#### [Task description]
From the entries below, transcribe exactly the lines between the line holding "exists C p : R, C > 0 /\ p > 0 /\" and the line holding "the [d+1] indices", inclusive; skip all other lines.

#### [Dataset entries]
======

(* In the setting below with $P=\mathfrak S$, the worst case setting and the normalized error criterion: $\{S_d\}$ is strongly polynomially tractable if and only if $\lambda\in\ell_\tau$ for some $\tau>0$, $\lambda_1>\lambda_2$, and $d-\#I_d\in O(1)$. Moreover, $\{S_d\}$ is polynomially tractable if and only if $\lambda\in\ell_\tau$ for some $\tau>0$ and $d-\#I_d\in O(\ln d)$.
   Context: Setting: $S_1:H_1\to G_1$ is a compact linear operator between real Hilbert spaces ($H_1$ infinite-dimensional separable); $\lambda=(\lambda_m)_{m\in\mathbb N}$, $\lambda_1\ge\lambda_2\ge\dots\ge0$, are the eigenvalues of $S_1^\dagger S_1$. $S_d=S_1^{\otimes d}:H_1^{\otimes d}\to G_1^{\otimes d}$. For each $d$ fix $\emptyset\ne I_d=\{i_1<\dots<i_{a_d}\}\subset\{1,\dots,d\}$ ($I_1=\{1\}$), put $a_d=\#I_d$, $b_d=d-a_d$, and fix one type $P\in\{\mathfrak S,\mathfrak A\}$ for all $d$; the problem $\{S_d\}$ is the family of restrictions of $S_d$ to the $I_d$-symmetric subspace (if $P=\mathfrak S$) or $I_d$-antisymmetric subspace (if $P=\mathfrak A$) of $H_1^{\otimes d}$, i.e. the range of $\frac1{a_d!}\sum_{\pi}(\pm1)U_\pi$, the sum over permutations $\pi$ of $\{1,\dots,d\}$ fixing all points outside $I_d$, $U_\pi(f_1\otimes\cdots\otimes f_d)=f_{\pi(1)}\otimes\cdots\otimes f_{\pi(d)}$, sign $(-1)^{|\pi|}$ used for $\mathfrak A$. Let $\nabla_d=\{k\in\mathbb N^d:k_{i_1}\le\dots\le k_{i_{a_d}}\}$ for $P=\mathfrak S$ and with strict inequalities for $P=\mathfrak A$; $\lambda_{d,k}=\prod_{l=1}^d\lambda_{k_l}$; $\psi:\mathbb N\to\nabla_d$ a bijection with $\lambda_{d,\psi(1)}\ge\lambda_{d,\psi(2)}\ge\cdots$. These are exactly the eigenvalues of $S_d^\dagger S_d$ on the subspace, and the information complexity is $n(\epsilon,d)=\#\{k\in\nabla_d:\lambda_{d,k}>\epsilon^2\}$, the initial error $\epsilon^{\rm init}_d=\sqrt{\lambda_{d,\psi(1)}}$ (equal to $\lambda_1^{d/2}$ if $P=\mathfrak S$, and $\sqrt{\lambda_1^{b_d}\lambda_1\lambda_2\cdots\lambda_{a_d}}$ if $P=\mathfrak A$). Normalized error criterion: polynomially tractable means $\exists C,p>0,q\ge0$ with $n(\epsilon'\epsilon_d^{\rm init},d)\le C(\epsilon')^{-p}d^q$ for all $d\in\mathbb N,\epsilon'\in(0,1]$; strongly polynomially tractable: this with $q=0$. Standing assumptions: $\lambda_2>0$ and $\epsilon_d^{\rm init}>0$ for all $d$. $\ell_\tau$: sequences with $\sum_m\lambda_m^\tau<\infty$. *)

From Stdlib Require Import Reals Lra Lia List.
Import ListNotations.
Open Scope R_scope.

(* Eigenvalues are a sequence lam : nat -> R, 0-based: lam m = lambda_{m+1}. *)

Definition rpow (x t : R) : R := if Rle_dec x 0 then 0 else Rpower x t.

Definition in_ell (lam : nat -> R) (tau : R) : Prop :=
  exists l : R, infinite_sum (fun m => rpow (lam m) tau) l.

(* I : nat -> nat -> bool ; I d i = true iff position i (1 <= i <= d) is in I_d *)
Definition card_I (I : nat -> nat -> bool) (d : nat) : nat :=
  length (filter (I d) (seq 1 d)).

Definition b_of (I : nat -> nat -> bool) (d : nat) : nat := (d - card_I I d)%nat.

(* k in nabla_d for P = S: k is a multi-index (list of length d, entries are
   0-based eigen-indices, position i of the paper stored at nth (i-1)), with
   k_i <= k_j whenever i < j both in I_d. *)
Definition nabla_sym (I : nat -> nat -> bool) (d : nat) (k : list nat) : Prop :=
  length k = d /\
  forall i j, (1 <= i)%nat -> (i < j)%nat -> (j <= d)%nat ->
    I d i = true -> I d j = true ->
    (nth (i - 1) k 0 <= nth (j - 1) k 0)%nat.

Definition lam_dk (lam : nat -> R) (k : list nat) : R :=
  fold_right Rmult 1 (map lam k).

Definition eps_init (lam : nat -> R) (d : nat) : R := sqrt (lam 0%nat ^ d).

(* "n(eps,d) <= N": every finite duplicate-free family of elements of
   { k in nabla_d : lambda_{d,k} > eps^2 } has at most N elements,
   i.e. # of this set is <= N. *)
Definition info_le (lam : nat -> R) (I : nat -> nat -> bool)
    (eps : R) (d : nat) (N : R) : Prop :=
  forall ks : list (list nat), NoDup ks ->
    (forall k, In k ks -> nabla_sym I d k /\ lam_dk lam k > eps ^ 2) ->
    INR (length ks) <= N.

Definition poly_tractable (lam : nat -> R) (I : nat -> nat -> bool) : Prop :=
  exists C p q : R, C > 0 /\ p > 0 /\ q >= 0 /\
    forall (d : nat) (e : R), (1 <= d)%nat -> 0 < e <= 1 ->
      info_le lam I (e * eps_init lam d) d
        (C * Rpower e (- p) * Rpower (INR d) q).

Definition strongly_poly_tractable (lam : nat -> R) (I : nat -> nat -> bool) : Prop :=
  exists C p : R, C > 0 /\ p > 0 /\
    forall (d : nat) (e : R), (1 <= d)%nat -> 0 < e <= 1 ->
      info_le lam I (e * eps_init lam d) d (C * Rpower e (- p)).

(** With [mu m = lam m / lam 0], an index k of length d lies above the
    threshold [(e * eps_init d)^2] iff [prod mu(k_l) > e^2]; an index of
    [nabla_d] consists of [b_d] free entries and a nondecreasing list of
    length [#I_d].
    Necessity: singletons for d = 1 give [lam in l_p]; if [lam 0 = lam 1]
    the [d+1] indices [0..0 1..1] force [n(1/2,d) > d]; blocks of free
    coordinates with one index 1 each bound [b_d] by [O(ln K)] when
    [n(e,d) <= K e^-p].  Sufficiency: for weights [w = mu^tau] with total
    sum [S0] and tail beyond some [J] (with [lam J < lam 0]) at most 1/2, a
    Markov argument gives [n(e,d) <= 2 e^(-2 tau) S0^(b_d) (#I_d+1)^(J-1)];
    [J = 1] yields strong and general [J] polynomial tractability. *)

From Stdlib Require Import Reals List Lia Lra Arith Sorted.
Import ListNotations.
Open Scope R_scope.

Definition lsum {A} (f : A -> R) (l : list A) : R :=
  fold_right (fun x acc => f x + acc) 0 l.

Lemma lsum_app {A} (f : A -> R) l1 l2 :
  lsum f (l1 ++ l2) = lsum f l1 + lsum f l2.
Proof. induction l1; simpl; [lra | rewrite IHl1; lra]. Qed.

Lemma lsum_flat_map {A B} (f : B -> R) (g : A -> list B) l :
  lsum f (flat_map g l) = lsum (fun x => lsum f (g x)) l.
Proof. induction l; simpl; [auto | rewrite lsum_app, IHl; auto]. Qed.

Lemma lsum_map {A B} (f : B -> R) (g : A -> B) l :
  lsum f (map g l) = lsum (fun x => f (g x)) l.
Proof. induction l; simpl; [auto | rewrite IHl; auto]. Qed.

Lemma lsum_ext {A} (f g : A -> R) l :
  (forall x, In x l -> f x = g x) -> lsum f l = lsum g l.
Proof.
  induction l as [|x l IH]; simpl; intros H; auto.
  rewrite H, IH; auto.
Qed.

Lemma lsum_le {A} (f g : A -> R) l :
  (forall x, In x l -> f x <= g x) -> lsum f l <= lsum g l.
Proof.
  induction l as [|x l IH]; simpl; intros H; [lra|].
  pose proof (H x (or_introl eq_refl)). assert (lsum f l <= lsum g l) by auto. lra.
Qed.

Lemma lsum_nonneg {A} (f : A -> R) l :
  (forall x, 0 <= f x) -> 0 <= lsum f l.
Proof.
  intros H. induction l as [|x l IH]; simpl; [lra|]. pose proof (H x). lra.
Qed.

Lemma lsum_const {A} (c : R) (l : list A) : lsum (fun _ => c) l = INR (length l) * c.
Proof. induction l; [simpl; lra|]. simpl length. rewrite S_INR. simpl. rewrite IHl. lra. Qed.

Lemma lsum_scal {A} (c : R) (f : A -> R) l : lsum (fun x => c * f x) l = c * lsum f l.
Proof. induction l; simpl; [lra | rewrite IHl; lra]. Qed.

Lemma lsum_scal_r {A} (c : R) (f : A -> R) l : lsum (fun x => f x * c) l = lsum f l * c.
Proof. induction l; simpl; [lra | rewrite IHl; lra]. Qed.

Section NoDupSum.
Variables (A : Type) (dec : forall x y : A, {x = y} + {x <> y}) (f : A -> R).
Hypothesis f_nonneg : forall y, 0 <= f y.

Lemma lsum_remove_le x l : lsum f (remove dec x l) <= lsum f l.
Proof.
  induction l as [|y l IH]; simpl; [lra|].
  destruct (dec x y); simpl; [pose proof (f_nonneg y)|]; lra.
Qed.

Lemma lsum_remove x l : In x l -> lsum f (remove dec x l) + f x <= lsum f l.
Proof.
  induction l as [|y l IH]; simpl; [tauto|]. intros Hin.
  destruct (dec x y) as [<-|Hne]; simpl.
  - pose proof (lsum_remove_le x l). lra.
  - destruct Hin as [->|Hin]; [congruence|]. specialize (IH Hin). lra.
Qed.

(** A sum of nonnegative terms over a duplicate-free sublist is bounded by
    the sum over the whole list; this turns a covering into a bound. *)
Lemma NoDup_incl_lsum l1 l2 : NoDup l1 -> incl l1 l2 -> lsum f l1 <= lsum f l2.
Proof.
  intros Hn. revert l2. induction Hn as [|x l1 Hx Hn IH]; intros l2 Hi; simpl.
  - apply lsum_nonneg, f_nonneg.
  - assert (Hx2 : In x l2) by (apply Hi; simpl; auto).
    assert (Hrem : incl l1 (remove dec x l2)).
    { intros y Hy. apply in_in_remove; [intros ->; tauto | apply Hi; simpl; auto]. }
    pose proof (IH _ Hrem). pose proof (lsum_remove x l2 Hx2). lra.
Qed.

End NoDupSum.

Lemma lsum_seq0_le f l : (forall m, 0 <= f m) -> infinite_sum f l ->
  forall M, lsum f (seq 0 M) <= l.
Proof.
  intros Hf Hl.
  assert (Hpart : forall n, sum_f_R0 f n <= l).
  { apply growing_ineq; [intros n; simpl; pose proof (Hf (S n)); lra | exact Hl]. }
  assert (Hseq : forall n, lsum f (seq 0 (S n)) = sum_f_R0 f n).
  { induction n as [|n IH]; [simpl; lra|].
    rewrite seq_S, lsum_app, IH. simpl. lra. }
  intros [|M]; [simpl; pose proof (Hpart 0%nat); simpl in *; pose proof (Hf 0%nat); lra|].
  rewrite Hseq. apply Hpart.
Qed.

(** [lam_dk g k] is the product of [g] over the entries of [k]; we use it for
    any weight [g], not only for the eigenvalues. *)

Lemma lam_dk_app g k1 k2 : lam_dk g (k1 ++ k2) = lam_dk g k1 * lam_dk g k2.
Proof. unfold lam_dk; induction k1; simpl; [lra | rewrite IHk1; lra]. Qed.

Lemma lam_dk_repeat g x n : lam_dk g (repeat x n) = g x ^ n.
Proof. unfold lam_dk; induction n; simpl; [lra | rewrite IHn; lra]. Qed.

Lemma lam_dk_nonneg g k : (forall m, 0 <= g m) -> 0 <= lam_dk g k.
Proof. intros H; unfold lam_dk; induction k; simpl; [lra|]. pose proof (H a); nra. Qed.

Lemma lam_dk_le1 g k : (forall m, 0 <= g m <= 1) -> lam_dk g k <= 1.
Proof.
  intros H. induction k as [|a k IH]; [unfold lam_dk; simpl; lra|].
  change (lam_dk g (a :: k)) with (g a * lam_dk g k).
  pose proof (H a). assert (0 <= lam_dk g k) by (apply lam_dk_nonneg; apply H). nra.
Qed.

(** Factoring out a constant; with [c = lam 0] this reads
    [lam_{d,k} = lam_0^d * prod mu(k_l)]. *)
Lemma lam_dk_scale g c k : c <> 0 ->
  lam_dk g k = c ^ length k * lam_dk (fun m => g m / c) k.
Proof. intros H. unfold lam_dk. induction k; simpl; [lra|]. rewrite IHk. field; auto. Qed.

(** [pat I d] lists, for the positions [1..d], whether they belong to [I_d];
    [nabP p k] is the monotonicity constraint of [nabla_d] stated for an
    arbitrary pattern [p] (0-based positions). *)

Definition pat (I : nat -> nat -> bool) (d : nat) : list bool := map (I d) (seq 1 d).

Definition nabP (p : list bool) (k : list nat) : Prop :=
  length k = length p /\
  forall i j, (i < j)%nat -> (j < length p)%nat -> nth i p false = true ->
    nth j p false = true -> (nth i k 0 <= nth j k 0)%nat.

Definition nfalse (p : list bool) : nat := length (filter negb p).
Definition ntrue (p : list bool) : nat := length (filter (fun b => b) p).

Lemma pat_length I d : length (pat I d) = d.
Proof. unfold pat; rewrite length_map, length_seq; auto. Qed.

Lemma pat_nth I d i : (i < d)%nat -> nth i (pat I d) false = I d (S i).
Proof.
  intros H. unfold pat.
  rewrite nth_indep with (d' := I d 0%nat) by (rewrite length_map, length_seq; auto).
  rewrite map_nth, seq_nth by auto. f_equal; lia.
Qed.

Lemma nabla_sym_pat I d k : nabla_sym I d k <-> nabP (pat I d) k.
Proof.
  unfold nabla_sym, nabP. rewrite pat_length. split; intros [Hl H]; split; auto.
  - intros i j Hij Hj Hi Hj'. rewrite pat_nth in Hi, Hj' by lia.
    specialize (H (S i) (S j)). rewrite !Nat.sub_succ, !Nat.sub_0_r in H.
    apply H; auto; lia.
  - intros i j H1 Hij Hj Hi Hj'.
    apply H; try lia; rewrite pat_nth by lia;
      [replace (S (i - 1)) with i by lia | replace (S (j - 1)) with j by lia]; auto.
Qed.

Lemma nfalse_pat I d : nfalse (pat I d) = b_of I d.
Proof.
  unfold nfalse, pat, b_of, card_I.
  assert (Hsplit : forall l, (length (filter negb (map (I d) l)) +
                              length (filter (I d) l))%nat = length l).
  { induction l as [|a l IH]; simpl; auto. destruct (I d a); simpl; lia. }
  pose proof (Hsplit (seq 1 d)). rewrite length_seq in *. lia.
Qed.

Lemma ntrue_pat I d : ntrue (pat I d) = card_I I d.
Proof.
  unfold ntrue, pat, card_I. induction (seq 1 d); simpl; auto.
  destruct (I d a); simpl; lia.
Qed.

======

#### [Result for this exercise]
  exists C p : R, C > 0 /\ p > 0 /\
    forall (d : nat) (e : R), (1 <= d)%nat -> 0 < e <= 1 ->
      info_le lam I (e * eps_init lam d) d (C * Rpower e (- p)).

(** With [mu m = lam m / lam 0], an index k of length d lies above the
    threshold [(e * eps_init d)^2] iff [prod mu(k_l) > e^2]; an index of
    [nabla_d] consists of [b_d] free entries and a nondecreasing list of
    length [#I_d].
    Necessity: singletons for d = 1 give [lam in l_p]; if [lam 0 = lam 1]
    the [d+1] indices [0..0 1..1] force [n(1/2,d) > d]; blocks of free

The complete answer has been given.